[Collected data]

= Beginning of Section =

(* Let $\Pi:X\to T$ be a tree of hyperbolic metric spaces satisfying the qi embedded condition with parameters $\delta_0,L_0,f$, and suppose $X$ is $\delta_0$-hyperbolic. Given $k\ge1$ there is $R=R(k,\delta_0)\ge0$ (depending only on $k$ and the parameters) such that the following holds. Let $T'\subseteq T$ be a geodesic ray in $T$ whose vertices are identified with $n\in\{0\}\cup\mathbb N$ (in order), and let $X_n$ denote the vertex space over $n$ with its intrinsic metric $d_{X_n}$. Let $\alpha,\beta$ be two $k$-qi sections of $T'$ which converge to the same point of $\partial X$. Then there exists $N\in\mathbb N$ such that $d_{X_n}(\alpha(n),\beta(n))\le R$ for all $n\ge N$.
   Context: Tree of hyperbolic metric spaces satisfying the qi embedded condition: $T$ is a simplicial tree, $(X,d)$ a geodesic metric space (all spaces other than $T$ are proper), $\Pi:X\to T$ a surjective 1-Lipschitz map. For a vertex $b$ let $X_b=\Pi^{-1}(b)$ with its induced length metric $d_b$; for an edge $e$ with midpoint $m_e$ let $X_e=\Pi^{-1}(m_e)$ with induced length metric $d_e$. With parameters $\delta_0\ge0$, $L_0\ge1$ and a proper function $f:\mathbb R_{\ge0}\to\mathbb R_{\ge0}$ one requires: (1) all $X_b$, $X_e$ are $\delta_0$-hyperbolic; (2) for a vertex $b$ and $u,w\in X_b$, $d_X(u,w)\le C$ implies $d_b(u,w)\le f(C)$, and likewise for edge spaces; (3) for each edge $e$ joining vertices $b,b'$ there is a map $f_e:X_e\times[0,1]\to\Pi^{-1}(e)$ such that $\Pi\circ f_e$ is the projection to $[0,1]$ followed by the identification $[0,1]\cong e$, $f_e$ restricted to $X_e\times(0,1)$ is an isometry onto $\Pi^{-1}(\text{interior of }e)$ with its path metric, and the restrictions to $X_e\times\{0\}$, $X_e\times\{1\}$ are $L_0$-qi embeddings into $X_b$, $X_{b'}$. A $k$-qi embedding means a $(k,k)$-quasi-isometric embedding. A $k$-qi section of a subtree $T'\subseteq T$ is a $k$-qi embedding $s:T'\to X$ with $\Pi\circ s$ equal to the identity on the vertex set of $T'$. *)

From Stdlib Require Import Reals Lra List ClassicalEpsilon.
Import ListNotations.
Open Scope R_scope.

Set Implicit Arguments.

Section Metric.
Variable X : Type.

Definition full : X -> Prop := fun _ => True.

Definition metric_on (A : X -> Prop) (dA : X -> X -> R) : Prop :=
  (forall x, A x -> dA x x = 0) /\
  (forall x y, A x -> A y -> 0 <= dA x y) /\
  (forall x y, A x -> A y -> dA x y = 0 -> x = y) /\
  (forall x y, A x -> A y -> dA x y = dA y x) /\
  (forall x y z, A x -> A y -> A z -> dA x z <= dA x y + dA y z).

Definition geodesic_seg (A : X -> Prop) (dA : X -> X -> R)
    (x y : X) (gamma : R -> X) : Prop :=
  gamma 0 = x /\ gamma (dA x y) = y /\
  (forall s, 0 <= s <= dA x y -> A (gamma s)) /\
  (forall s t, 0 <= s <= dA x y -> 0 <= t <= dA x y ->
     dA (gamma s) (gamma t) = Rabs (s - t)).

Definition geodesic_space (A : X -> Prop) (dA : X -> X -> R) : Prop :=
  metric_on A dA /\
  forall x y, A x -> A y -> exists gamma, geodesic_seg A dA x y gamma.

Definition hyperbolic (A : X -> Prop) (dA : X -> X -> R) (delta : R) : Prop :=
  geodesic_space A dA /\
  forall x y z g1 g2 g3, A x -> A y -> A z ->
    geodesic_seg A dA x y g1 -> geodesic_seg A dA y z g2 ->
    geodesic_seg A dA z x g3 ->
    forall s, 0 <= s <= dA x y ->
      exists t,
        (0 <= t <= dA y z /\ dA (g1 s) (g2 t) <= delta) \/
        (0 <= t <= dA z x /\ dA (g1 s) (g3 t) <= delta).

(* proper: closed balls are (sequentially) compact *)
Definition proper_space (A : X -> Prop) (dA : X -> X -> R) : Prop :=
  forall x rho (u : nat -> X), A x ->
    (forall n, A (u n) /\ dA x (u n) <= rho) ->
    exists (phi : nat -> nat) y,
      (forall n, (phi n < phi (S n))%nat) /\ A y /\
      forall eps, 0 < eps -> exists N, forall n, (N <= n)%nat ->
        dA (u (phi n)) y < eps.

Definition path_in (d : X -> X -> R) (A : X -> Prop) (u w : X)
    (gamma : R -> X) : Prop :=
  gamma 0 = u /\ gamma 1 = w /\
  (forall t, 0 <= t <= 1 -> A (gamma t)) /\
  (forall t, 0 <= t <= 1 -> forall eps, 0 < eps -> exists eta, 0 < eta /\
     forall s, 0 <= s <= 1 -> Rabs (s - t) < eta -> d (gamma s) (gamma t) < eps).

Fixpoint psum (d : X -> X -> R) (gamma : R -> X) (l : list R) : R :=
  match l with
  | a :: ((b :: _) as l') => d (gamma a) (gamma b) + psum d gamma l'
  | _ => 0
  end.

Fixpoint incr (l : list R) : Prop :=
  match l with
  | a :: ((b :: _) as l') => a <= b /\ incr l'
  | _ => True
  end.

(* length(gamma) <= L  (length = sup over partitions) *)
Definition length_le (d : X -> X -> R) (gamma : R -> X) (L : R) : Prop :=
  forall l : list R, incr l -> (forall t, In t l -> 0 <= t <= 1) ->
    psum d gamma l <= L.

(* r is the induced length (path) metric distance in A between u and w:
   the infimum of lengths of paths in A joining u and w. *)
Definition ilm (d : X -> X -> R) (A : X -> Prop) (u w : X) (r : R) : Prop :=
  (forall L, (exists gamma, path_in d A u w gamma /\ length_le d gamma L) -> r <= L) /\
  (forall r', (forall L, (exists gamma, path_in d A u w gamma /\ length_le d gamma L)
                 -> r' <= L) -> r' <= r).

Definition gprod (d : X -> X -> R) (p x y : X) : R :=
  (d p x + d p y - d x y) / 2.

Definition converges_at_infinity (d : X -> X -> R) (x : nat -> X) : Prop :=
  forall p M, exists N, forall m n, (N <= m)%nat -> (N <= n)%nat ->
    M <= gprod d p (x m) (x n).

Definition same_boundary_point (d : X -> X -> R) (x y : nat -> X) : Prop :=
  converges_at_infinity d x /\ converges_at_infinity d y /\
  forall p M, exists N, forall m n, (N <= m)%nat -> (N <= n)%nat ->
    M <= gprod d p (x m) (y n).

End Metric.

Section Tree.
Variable V : Type.
Variable E : V -> V -> Prop.

Fixpoint walk (u v : V) (n : nat) : Prop :=
  match n with
  | O => u = v
  | S m => exists w, E u w /\ walk w v m
  end.

Fixpoint chain (l : list V) : Prop :=
  match l with
  | a :: ((b :: _) as l') => E a b /\ chain l'
  | _ => True
  end.

Definition is_simplicial_tree : Prop :=
  (forall u, ~ E u u) /\ (forall u v, E u v -> E v u) /\
  (forall u v, exists n, walk u v n) /\
  ~ (exists (v0 : V) (l : list V),
        (2 <= length l)%nat /\ NoDup (v0 :: l) /\ chain (v0 :: l) /\
        E (last l v0) v0).

Definition gdist_is (u v : V) (n : nat) : Prop :=
  walk u v n /\ forall m, (m < n)%nat -> ~ walk u v m.

Definition gd (u v : V) : nat := epsilon (inhabits O) (fun n => gdist_is u v n).

(* points of the geometric realisation |T| (edge length 1):
   TV v is the vertex v, TE u v t the point of the edge [u,v] at distance
   t from u (0 < t < 1); TE u v t and TE v u (1-t) denote the same point. *)
Inductive tpt : Type := TV (v : V) | TE (u v : V) (t : R).

Definition valid_pt (p : tpt) : Prop :=
  match p with TV _ => True | TE u v t => E u v /\ 0 < t < 1 end.

Definition pv (p : tpt) (a : V) : R :=
  match p with
  | TV v => INR (gd v a)
  | TE u v t => Rmin (t + INR (gd u a)) (1 - t + INR (gd v a))
  end.

Definition tdist (p q : tpt) : R :=
  match p, q with
  | TV a, _ => pv q a
  | TE _ _ _, TV b => pv p b
  | TE u v t, TE u' v' t' =>
      if excluded_middle_informative (u = u' /\ v = v') then Rabs (t - t')
      else if excluded_middle_informative (u = v' /\ v = u') then Rabs (t - (1 - t'))
      else Rmin (t + pv q u) (1 - t + pv q v)
  end.

Definition ept (b b' : V) (t : R) : tpt :=
  if excluded_middle_informative (t = 0) then TV b
  else if excluded_middle_informative (t = 1) then TV b' else TE b b' t.

Definition geodesic_ray (r : nat -> V) : Prop :=
  forall m n, gd (r m) (r n) = (if (m <=? n)%nat then n - m else m - n)%nat.

End Tree.

Section TreeOfSpaces.
Variables (X V : Type) (d : X -> X -> R) (E : V -> V -> Prop)
          (Pi : X -> tpt V).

= End of Section =

| YOUR ASSIGNMENT |
Out of the entries above, write out only the lines between the line holding "Definition geodesic_seg (A" and the line holding "Definition path_in (d", inclusive, each exactly as given.

| RESULT OF THIS TASK |
Definition geodesic_seg (A : X -> Prop) (dA : X -> X -> R)
    (x y : X) (gamma : R -> X) : Prop :=
  gamma 0 = x /\ gamma (dA x y) = y /\
  (forall s, 0 <= s <= dA x y -> A (gamma s)) /\
  (forall s t, 0 <= s <= dA x y -> 0 <= t <= dA x y ->
     dA (gamma s) (gamma t) = Rabs (s - t)).

Definition geodesic_space (A : X -> Prop) (dA : X -> X -> R) : Prop :=
  metric_on A dA /\
  forall x y, A x -> A y -> exists gamma, geodesic_seg A dA x y gamma.

Definition hyperbolic (A : X -> Prop) (dA : X -> X -> R) (delta : R) : Prop :=
  geodesic_space A dA /\
  forall x y z g1 g2 g3, A x -> A y -> A z ->
    geodesic_seg A dA x y g1 -> geodesic_seg A dA y z g2 ->
    geodesic_seg A dA z x g3 ->
    forall s, 0 <= s <= dA x y ->
      exists t,
        (0 <= t <= dA y z /\ dA (g1 s) (g2 t) <= delta) \/
        (0 <= t <= dA z x /\ dA (g1 s) (g3 t) <= delta).

(* proper: closed balls are (sequentially) compact *)
Definition proper_space (A : X -> Prop) (dA : X -> X -> R) : Prop :=
  forall x rho (u : nat -> X), A x ->
    (forall n, A (u n) /\ dA x (u n) <= rho) ->
    exists (phi : nat -> nat) y,
      (forall n, (phi n < phi (S n))%nat) /\ A y /\
      forall eps, 0 < eps -> exists N, forall n, (N <= n)%nat ->
        dA (u (phi n)) y < eps.

Definition path_in (d : X -> X -> R) (A : X -> Prop) (u w : X)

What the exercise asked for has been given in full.